= Supplied information =
========================
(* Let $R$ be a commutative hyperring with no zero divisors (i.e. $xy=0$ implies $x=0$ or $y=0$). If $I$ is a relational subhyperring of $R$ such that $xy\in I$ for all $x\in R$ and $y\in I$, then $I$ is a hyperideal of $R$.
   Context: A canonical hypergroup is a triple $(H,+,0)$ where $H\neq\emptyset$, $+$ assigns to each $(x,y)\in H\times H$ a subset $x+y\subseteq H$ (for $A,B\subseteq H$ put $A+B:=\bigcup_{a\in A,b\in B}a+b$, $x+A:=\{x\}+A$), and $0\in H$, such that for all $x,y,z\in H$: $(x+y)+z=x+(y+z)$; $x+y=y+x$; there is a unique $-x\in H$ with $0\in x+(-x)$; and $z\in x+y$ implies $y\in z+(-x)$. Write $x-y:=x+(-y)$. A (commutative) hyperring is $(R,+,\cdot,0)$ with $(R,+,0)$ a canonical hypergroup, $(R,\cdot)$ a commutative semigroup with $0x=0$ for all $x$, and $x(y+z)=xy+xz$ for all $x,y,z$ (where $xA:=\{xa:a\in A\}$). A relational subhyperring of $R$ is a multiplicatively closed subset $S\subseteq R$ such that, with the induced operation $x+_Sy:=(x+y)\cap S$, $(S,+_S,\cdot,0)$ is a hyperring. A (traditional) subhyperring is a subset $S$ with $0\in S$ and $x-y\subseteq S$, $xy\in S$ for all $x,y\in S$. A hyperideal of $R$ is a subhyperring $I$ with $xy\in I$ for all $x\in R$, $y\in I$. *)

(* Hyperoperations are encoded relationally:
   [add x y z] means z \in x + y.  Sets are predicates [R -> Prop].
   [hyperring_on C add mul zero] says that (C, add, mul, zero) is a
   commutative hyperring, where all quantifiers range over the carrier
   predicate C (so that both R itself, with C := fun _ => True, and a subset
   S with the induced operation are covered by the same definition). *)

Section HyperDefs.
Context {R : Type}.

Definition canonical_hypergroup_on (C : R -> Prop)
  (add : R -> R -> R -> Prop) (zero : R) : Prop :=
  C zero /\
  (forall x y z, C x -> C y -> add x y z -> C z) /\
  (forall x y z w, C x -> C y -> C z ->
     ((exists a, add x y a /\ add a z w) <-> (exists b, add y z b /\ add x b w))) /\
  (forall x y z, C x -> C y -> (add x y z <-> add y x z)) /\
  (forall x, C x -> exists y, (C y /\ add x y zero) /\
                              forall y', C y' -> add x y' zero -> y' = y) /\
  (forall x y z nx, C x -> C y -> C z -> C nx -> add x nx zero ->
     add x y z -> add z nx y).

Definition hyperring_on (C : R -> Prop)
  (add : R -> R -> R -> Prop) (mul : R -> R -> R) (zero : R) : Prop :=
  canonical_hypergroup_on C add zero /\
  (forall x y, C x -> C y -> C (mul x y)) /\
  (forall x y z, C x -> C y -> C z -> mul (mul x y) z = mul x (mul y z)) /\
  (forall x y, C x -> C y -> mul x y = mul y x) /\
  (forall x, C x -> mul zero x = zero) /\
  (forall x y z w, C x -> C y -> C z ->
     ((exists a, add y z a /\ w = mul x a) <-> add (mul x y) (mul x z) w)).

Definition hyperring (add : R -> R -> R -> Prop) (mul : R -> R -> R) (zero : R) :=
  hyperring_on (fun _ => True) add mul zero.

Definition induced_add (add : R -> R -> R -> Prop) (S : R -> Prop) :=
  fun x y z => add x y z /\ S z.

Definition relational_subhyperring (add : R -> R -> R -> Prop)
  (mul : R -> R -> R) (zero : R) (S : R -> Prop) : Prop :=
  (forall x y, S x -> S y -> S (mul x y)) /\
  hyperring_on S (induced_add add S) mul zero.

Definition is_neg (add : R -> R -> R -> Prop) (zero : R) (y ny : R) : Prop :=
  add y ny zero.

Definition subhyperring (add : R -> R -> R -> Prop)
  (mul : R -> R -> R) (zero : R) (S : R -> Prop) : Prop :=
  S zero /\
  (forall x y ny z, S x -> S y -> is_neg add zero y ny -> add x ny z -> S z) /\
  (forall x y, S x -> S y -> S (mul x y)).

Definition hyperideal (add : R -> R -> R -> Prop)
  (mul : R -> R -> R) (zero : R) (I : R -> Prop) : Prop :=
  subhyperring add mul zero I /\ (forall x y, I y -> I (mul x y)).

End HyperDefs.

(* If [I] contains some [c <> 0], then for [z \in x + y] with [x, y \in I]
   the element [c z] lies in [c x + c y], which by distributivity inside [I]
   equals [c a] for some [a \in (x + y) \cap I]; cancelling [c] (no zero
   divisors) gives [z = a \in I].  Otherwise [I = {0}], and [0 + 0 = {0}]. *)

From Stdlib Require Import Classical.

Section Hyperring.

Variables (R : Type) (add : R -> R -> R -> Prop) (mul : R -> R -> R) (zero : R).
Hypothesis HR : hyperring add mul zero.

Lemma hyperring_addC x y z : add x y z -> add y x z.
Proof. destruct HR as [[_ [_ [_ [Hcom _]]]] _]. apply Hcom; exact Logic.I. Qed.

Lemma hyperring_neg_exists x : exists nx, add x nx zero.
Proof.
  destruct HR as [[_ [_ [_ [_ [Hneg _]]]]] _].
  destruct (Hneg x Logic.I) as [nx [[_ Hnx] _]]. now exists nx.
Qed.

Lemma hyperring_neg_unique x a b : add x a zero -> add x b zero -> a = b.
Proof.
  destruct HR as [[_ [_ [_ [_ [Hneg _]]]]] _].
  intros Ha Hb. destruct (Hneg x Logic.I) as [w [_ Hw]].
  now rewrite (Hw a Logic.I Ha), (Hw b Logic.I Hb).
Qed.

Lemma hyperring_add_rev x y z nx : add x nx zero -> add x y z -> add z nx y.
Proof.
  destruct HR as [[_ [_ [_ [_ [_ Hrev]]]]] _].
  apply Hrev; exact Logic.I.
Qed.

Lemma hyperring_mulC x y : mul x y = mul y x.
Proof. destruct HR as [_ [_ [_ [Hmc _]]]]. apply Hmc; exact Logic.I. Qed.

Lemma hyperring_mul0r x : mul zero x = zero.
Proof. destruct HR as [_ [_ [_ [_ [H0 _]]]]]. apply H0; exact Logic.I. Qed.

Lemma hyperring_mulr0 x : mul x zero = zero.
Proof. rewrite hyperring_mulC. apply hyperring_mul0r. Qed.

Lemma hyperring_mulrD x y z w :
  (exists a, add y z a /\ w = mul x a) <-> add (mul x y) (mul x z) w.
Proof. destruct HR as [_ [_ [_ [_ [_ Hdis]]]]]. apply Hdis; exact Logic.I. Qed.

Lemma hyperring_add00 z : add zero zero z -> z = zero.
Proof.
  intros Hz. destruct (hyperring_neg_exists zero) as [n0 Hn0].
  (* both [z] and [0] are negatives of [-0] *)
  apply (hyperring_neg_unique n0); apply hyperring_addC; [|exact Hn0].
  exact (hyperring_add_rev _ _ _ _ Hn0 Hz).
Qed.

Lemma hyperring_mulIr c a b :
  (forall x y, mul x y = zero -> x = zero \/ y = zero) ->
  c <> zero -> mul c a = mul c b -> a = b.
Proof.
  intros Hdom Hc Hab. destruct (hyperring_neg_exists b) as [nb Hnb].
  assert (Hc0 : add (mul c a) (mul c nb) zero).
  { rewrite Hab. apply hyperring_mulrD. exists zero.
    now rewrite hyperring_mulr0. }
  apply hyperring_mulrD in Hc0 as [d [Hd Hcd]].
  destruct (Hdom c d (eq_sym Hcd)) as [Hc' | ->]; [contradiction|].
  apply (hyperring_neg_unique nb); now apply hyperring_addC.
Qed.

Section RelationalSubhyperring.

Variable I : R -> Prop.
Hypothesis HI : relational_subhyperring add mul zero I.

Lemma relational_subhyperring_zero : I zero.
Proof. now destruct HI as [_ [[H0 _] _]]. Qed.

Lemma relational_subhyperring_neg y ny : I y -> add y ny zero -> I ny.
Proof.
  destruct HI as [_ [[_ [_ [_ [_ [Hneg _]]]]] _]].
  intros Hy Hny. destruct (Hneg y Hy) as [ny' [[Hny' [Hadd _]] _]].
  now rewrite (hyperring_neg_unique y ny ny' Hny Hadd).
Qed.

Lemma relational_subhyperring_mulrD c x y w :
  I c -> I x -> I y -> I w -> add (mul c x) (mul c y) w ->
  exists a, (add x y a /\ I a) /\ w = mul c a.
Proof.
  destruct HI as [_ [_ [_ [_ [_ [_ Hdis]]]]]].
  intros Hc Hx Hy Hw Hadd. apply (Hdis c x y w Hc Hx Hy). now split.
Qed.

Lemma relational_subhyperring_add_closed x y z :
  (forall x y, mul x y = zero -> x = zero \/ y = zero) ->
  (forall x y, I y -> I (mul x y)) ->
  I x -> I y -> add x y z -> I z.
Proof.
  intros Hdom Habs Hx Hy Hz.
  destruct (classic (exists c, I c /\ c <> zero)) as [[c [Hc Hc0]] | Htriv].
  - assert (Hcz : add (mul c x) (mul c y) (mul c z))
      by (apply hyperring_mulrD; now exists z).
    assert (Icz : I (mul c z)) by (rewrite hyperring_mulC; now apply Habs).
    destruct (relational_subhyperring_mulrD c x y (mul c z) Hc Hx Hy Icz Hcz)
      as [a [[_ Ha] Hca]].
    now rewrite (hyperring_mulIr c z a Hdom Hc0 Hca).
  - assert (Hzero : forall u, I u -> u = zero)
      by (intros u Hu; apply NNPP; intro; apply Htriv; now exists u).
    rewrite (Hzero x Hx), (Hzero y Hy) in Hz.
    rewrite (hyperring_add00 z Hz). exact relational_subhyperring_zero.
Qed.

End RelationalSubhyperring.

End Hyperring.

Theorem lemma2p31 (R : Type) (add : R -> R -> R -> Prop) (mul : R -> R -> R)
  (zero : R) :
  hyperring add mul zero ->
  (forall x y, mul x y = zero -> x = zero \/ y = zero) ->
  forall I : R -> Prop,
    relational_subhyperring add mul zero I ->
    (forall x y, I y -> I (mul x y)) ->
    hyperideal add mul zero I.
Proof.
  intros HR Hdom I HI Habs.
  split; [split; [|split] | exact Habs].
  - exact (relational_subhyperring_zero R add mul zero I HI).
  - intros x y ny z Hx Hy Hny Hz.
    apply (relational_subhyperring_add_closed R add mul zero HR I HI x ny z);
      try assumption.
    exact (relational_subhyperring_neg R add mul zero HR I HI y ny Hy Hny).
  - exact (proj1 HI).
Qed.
========================
= Activity =
Would you return exactly, and only, the lines beginning at the one with "- assert (Hzero" and ending at the last line of the listing?

= Exercise solution =
  - assert (Hzero : forall u, I u -> u = zero)
      by (intros u Hu; apply NNPP; intro; apply Htriv; now exists u).
    rewrite (Hzero x Hx), (Hzero y Hy) in Hz.
    rewrite (hyperring_add00 z Hz). exact relational_subhyperring_zero.
Qed.

End RelationalSubhyperring.

End Hyperring.

Theorem lemma2p31 (R : Type) (add : R -> R -> R -> Prop) (mul : R -> R -> R)
  (zero : R) :
  hyperring add mul zero ->
  (forall x y, mul x y = zero -> x = zero \/ y = zero) ->
  forall I : R -> Prop,
    relational_subhyperring add mul zero I ->
    (forall x y, I y -> I (mul x y)) ->
    hyperideal add mul zero I.
Proof.
  intros HR Hdom I HI Habs.
  split; [split; [|split] | exact Habs].
  - exact (relational_subhyperring_zero R add mul zero I HI).
  - intros x y ny z Hx Hy Hny Hz.
    apply (relational_subhyperring_add_closed R add mul zero HR I HI x ny z);
      try assumption.
    exact (relational_subhyperring_neg R add mul zero HR I HI y ny Hy Hny).
  - exact (proj1 HI).
Qed.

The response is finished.